Caveat: since Django is very new software, I don't have production experiences with it. So this is more from a theoretical standpoint, incorporating knowledge I gained with running production systems for several larger portals. In the end it doesn't matter much what your software is - it only matters how you can distribute it over your server farm.
To follow this documentation, you will need the following packages and files installed on your system:
- [Django] itself - currently fetched from SVN. Follow the setup instructions or use
python setup.py install.
- [Flup] - a package of different ways to run WSGI applications. I use the threaded WSGIServer in this documentation.
- [lighttpd] itself of course. You need to compile at least the fastcgi, the rewrite and the accesslog module, usually they are compiled with the system.
- [Eunuchs] - only needed if you are using Python 2.3, because Flup uses socketpair in the preforked servers and that is only available starting with Python 2.4
- [django-fcgi.py] - my FCGI server script, might some day be part of the Django distribution, but for now just fetch it here. Put this script somewhere in your $PATH, for example
/usr/local/binand make it executable.
- If the above doesn't work for any reason (maybe your system doesn't support socketpair and so can't use the preforked server), you can fetch [django-fcgi-threaded.py] - an alternative that uses the threading server with all it's problems. I use it for example on Mac OS X for development.
Before we start, let's talk a bit about server architecture, python and heavy load. The still preferred Installation of Django is behind Apache2 with modpython2. modpython2 is a quite powerfull extension to Apache that integrates a full Python interpreter (or even many interpreters with distinguished namespaces) into the Apache process. This allows Python to control many aspects of the server. But it has a drawback: if the only use is to pass on requests from users to the application, it's quite an overkill: every Apache process or thread will incorporate a full python interpreter with stack, heap and all loaded modules. Apache processes get a bit fat that way.

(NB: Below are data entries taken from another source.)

Lemma lambda_max_lt A (k : R) : A^T = A ->
  lambda_max A < k <-> forall x, x != 0 -> qform A x < k * sqnorm x.
Proof.
move=> /lambda_max_spec [[c c0 Ac] Amax]; split => [Ak x x0|Ak].
  by apply: le_lt_trans (Amax x) _; rewrite ltr_pM2r // sqnorm_gt0.
by have := Ak c c0; rewrite Ac ltr_pM2r // sqnorm_gt0.
Qed.

End LambdaMax.

Section ConvexBounds.
Variable R : realType.

(* The case b = 0 relies on the convention a ^+ 2 / 0 = 0. *)
Lemma sqr_div_convex (a a' b b' t : R) :
  0 <= b -> (b = 0 -> a = 0) -> 0 < b' -> 0 <= t < 1 ->
  (t * a + (1 - t) * a') ^+ 2 / (t * b + (1 - t) * b') <=
    t * (a ^+ 2 / b) + (1 - t) * (a' ^+ 2 / b').
Proof.
move=> b_ge0 ab b'_gt0 /andP [t_ge0 t_lt1].
have t1 : 1 - t != 0 by rewrite subr_eq0 eq_sym lt_eqF.
have [b0|b_neq0] := eqVneq b 0.
  rewrite b0 (ab b0) expr0n /= !(mulr0, mul0r, add0r) le_eqVlt; apply/orP; left.
  by apply/eqP; field; rewrite t1 gt_eqF.
have b_gt0 : 0 < b by rewrite lt_neqAle eq_sym b_neq0.
have D_gt0 : 0 < t * b + (1 - t) * b' by rewrite ltr_wpDl ?mulr_ge0 ?mulr_gt0 ?subr_gt0 // ltW.
rewrite -subr_ge0.
have -> : t * (a ^+ 2 / b) + (1 - t) * (a' ^+ 2 / b') -
    (t * a + (1 - t) * a') ^+ 2 / (t * b + (1 - t) * b') =
    t * (1 - t) * (a * b' - a' * b) ^+ 2 / (b * b' * (t * b + (1 - t) * b')).
  by field; rewrite !gt_eqF.
apply: divr_ge0; first by rewrite mulr_ge0 ?sqr_ge0 // mulr_ge0 // subr_ge0 ltW.
by rewrite !mulr_ge0 // ltW.
Qed.

Variable n : nat.

Lemma sqnorm_cone_comb (a b : 'rV[R]_n) (be be' t k : R) :
  0 <= be -> 0 < be' -> 0 <= t < 1 ->
  sqnorm a <= k * be ^+ 2 -> sqnorm b < k * be' ^+ 2 ->
  sqnorm (t *: a + (1 - t) *: b) < k * (t * be + (1 - t) * be') ^+ 2.
Proof.
move=> be_ge0 be'_gt0 /andP [t_ge0 t_lt1] ha hb.
have -> : sqnorm (t *: a + (1 - t) *: b) =
    t ^+ 2 * sqnorm a + 2 * t * (1 - t) * dot a b + (1 - t) ^+ 2 * sqnorm b.
  by rewrite !sqnorm_dot !dotDr !dotDl !dotZr !dotZl (dotC b a); ring.
have [be0|be_neq0] := eqVneq be 0.
  move: ha; rewrite be0 expr0n mulr0 => /sqnorm_le0 ->.
  by rewrite sqnorm0 dot0l !(mulr0, add0r) exprMn mulrCA ltr_pM2l // exprn_gt0 // subr_gt0.
have be_gt0 : 0 < be by rewrite lt_neqAle eq_sym be_neq0.
have ab : 2 * be * be' * dot a b <= be' ^+ 2 * sqnorm a + be ^+ 2 * sqnorm b.
  rewrite -subr_ge0 (_ : _ - _ = sqnorm (be' *: a - be *: b)) ?sqnorm_ge0 //.
  rewrite [RHS]sqnorm_dot !dotDr !dotDl !dotNr !dotNl !dotZr !dotZl (dotC b a) -!sqnorm_dot.
  by ring.
have dot_lt : dot a b < k * be * be'.
  have ha' : be' ^+ 2 * sqnorm a <= be' ^+ 2 * (k * be ^+ 2) by rewrite ler_wpM2l ?sqr_ge0.
  have hb' : be ^+ 2 * sqnorm b < be ^+ 2 * (k * be' ^+ 2) by rewrite ltr_pM2l ?exprn_gt0.
  have hp : 0 < 2 * be * be' by rewrite !mulr_gt0.
  by rewrite -(ltr_pM2l hp); lra.
have hA : t ^+ 2 * sqnorm a <= t ^+ 2 * (k * be ^+ 2) by rewrite ler_wpM2l ?sqr_ge0.
have hB : (1 - t) ^+ 2 * sqnorm b < (1 - t) ^+ 2 * (k * be' ^+ 2).
  by rewrite ltr_pM2l // exprn_gt0 // subr_gt0.
have hD : 2 * t * (1 - t) * dot a b <= 2 * t * (1 - t) * (k * be * be').
  by apply: ler_wpM2l; [nra | exact: ltW].
lra.
Qed.

End ConvexBounds.

Section Mform.
Variables (R : realType) (n : nat).
Implicit Types (r : R) (v m x : 'rV[R]_n) (s : 'M[R]_n).

(* For -1 < r < 1 this is x M(z) x^T (see qform_Mz).  At r = 1 (resp. -1) the division by 0
   returns 0 and drops the (m - v)-term (resp. (m + v)-term), which vanishes there anyway. *)
Definition Mform r v m s x : R :=
  ((dot x m + dot x v) ^+ 2 / (1 + r) + (dot x m - dot x v) ^+ 2 / (1 - r)) / 2 - qform s x.

Lemma tens_tr v m : (tens v m)^T = tens m v.
Proof. by rewrite /tens trmx_mul trmxK. Qed.

Lemma S0_comb (t : R) s s' : S0 s -> S0 s' -> S0 (t *: s + (1 - t) *: s').
Proof.
move=> [sT trs] [sT' trs']; split; first by rewrite linearD /= !linearZ /= sT sT'.
by rewrite mxtraceD !mxtraceZ trs trs' !mulr0 addr0.
Qed.

Lemma tensB_sym v s : S0 s -> (tens v v - s)^T = tens v v - s.
Proof. by case=> sT _; rewrite linearB /= tens_tr sT. Qed.

Lemma qform_tensB v s x : qform (tens v v - s) x = dot x v ^+ 2 - qform s x.
Proof. by rewrite qformB qform_tens expr2. Qed.

Lemma Mz_sym r v m s p : S0 s -> (Mz (r, v, m, s, p))^T = Mz (r, v, m, s, p).
Proof.
case=> sT _; rewrite /Mz raddfB /= sT linearZ /=; congr (_ *: _ - _).
by rewrite raddfD raddfB /= linearZ raddfD /= !tens_tr [tens v m + _]addrC.
Qed.

Lemma qform_Mz r v m s p x : -1 < r < 1 -> qform (Mz (r, v, m, s, p)) x = Mform r v m s x.
Proof.
case/andP => r_gtN1 r_lt1.
have r1 : 1 + r != 0 by rewrite gt_eqF //; lra.
have r1' : 1 - r != 0 by rewrite gt_eqF //; lra.
have r2 : 1 - r ^+ 2 != 0 by rewrite (_ : 1 - r ^+ 2 = (1 + r) * (1 - r)) ?mulf_neq0 //; ring.
rewrite /Mz /Mform qformB qformZ !qformD qformN qformZ qformD !qform_tens.
by field; rewrite r1 r1' r2.
Qed.

Lemma Mform_leE r v m s x (E : R) : -1 < r < 1 ->
  (Mform r v m s x <= E) =
  ((1 - r) * (dot x m + dot x v) ^+ 2 + (1 + r) * (dot x m - dot x v) ^+ 2 <=
     2 * (1 - r) * (1 + r) * (qform s x + E)).
Proof.
case/andP => r_gtN1 r_lt1.
have r1 : 1 + r != 0 by rewrite gt_eqF //; lra.
have r1' : 1 - r != 0 by rewrite gt_eqF //; lra.
have d_gt0 : 0 < 2 * (1 - r) * (1 + r) by rewrite !mulr_gt0 //; lra.
rewrite /Mform lerBlDl -(ler_pM2l d_gt0); congr (_ <= _).
by field; rewrite r1 r1'.
Qed.

Lemma Mform_ge_sqr r v m s x : -1 < r < 1 -> dot x m ^+ 2 - qform s x <= Mform r v m s x.
Proof.
case/andP => r_gtN1 r_lt1.
have r1 : 1 + r != 0 by rewrite gt_eqF //; lra.
have r1' : 1 - r != 0 by rewrite gt_eqF //; lra.
rewrite -subr_ge0 (_ : _ - _ = (dot x v - r * dot x m) ^+ 2 / ((1 + r) * (1 - r))).
  by rewrite divr_ge0 ?sqr_ge0 // mulr_ge0 //; lra.
by rewrite /Mform; field; rewrite r1 r1'.
Qed.

Lemma Mform0 r v m s : Mform r v m s 0 = 0.
Proof. by rewrite /Mform !dot0l qform0v addr0 subrr expr0n !mul0r addr0 mul0r subrr. Qed.

Lemma Mform1 v s x : Mform 1 v v s x = dot x v ^+ 2 - qform s x.
Proof. by rewrite /Mform subrr expr0n mul0r addr0; congr (_ - _); field. Qed.

Lemma MformN1 v s x : Mform (-1) v (- v) s x = dot x v ^+ 2 - qform s x.
Proof. by rewrite /Mform dotNr addNr expr0n mul0r add0r; congr (_ - _); field. Qed.

Lemma Mform_comb r v m s r' v' m' s' t x (E E' : R) :
  -1 <= r <= 1 -> -1 < r' < 1 -> 0 <= t < 1 ->
  (r = -1 -> m = - v) -> (r = 1 -> m = v) ->
  Mform r v m s x <= E -> Mform r' v' m' s' x < E' ->
  Mform (t * r + (1 - t) * r') (t *: v + (1 - t) *: v') (t *: m + (1 - t) *: m')
        (t *: s + (1 - t) *: s') x < t * E + (1 - t) * E'.
Proof.
move=> /andP [r_geN1 r_le1] /andP [r'_gtN1 r'_lt1] t01 mN mP.
have /andP [t_ge0 t_lt1] := t01.
rewrite /Mform !dotDr !dotZr qformD !qformZ.
set a := dot x m; set b := dot x v; set a' := dot x m'; set b' := dot x v'.
set q := qform s x; set q' := qform s' x => Ez E'w.
have -> : t * a + (1 - t) * a' + (t * b + (1 - t) * b') = t * (a + b) + (1 - t) * (a' + b').
  by ring.
have -> : t * a + (1 - t) * a' - (t * b + (1 - t) * b') = t * (a - b) + (1 - t) * (a' - b').
  by ring.
have -> : 1 + (t * r + (1 - t) * r') = t * (1 + r) + (1 - t) * (1 + r') by ring.
have -> : 1 - (t * r + (1 - t) * r') = t * (1 - r) + (1 - t) * (1 - r') by ring.
have plus0 : 1 + r = 0 -> a + b = 0.
  by move=> r1; rewrite /a /b mN ?dotNr ?addNr //; lra.
have minus0 : 1 - r = 0 -> a - b = 0.
  by move=> r1; rewrite /a /b mP ?subrr //; lra.
have [r_p r_m r'_p r'_m] : [/\ 0 <= 1 + r, 0 <= 1 - r, 0 < 1 + r' & 0 < 1 - r'].
  by split; lra.
have cvx_plus := sqr_div_convex (a' + b') r_p plus0 r'_p t01.
have cvx_minus := sqr_div_convex (a' - b') r_m minus0 r'_m t01.
have Ez' := ler_wpM2l t_ge0 Ez.
have E'w' : (1 - t) * (((a' + b') ^+ 2 / (1 + r') + (a' - b') ^+ 2 / (1 - r')) / 2 - q') <
    (1 - t) * E' by rewrite ltr_pM2l // subr_gt0.
by lra.
Qed.

End Mform.

Section UClosure.
Variables (R : realType) (n : nat) (e : R -> R).
Hypotheses (n_gt0 : (0 < n)%N) (e_affine : affine e).
Hypotheses (e1_gt0 : 0 < e 1) (eN1_gt0 : 0 < e (-1)).
Implicit Types (z w : Z R n) (r : R) (v m x : 'rV[R]_n) (s : 'M[R]_n).

Lemma e_comb t r r' : e (t * r + (1 - t) * r') = t * e r + (1 - t) * e r'.
Proof. by have [a [b eE]] := e_affine; rewrite !eE; ring. Qed.

Lemma e0_gt0 : 0 < e 0.
Proof. by have [a [b eE]] := e_affine; move: e1_gt0 eN1_gt0; rewrite !eE; lra. Qed.

Lemma e_continuous : continuous e.
Proof.
have [a [b eE]] := e_affine; rewrite (funext eE).
apply: continuous_add; first exact: cst_continuous.
by apply: continuous_mul; [exact: cst_continuous | move=> r; exact: cvg_id].
Qed.

Lemma T_denoms_gt0 r : -1 < r < 1 -> 0 < n%:R * (r + 1) ^+ 2 /\ 0 < n%:R * (r - 1) ^+ 2 :> R.
Proof.
case/andP => r_gtN1 r_lt1; have n_pos : 0 < n%:R :> R by rewrite ltr0n.
by split; rewrite mulr_gt0 // exprn_even_gt0 //=; apply/negP => /eqP; lra.
Qed.

Lemma Qz_le r v m s p (k : R) : S0 s -> -1 < r < 1 ->
  Qz (r, v, m, s, p) <= k <-> forall x, Mform r v m s x <= k * sqnorm x.
Proof.
move=> sS r_in; rewrite /Qz (lambda_max_le n_gt0 _ (Mz_sym _ _ _ _ sS)).
by split => Mk x; have := Mk x; rewrite qform_Mz.
Qed.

Another drawback: Apache is one of the most flexible servers out there, but it's a resource hog when compared to small servers like lighttpd. And - due to the architecture of Apache modules - mod_python will run the full application in the security context of the web server. Two things you don't often like with production environments.
So a natural approach is to use lighter HTTP servers and put your application behind those - using the HTTP server itself only for media serving, and using FastCGI to pass on requests from the user to your application. Sometimes you put that small HTTP server behind an Apache front that only uses modproxy (either directly or via modrewrite) to proxy requests to your applications webserver - and believe it or not, this is actually a lot faster than serving the application with Apache directly!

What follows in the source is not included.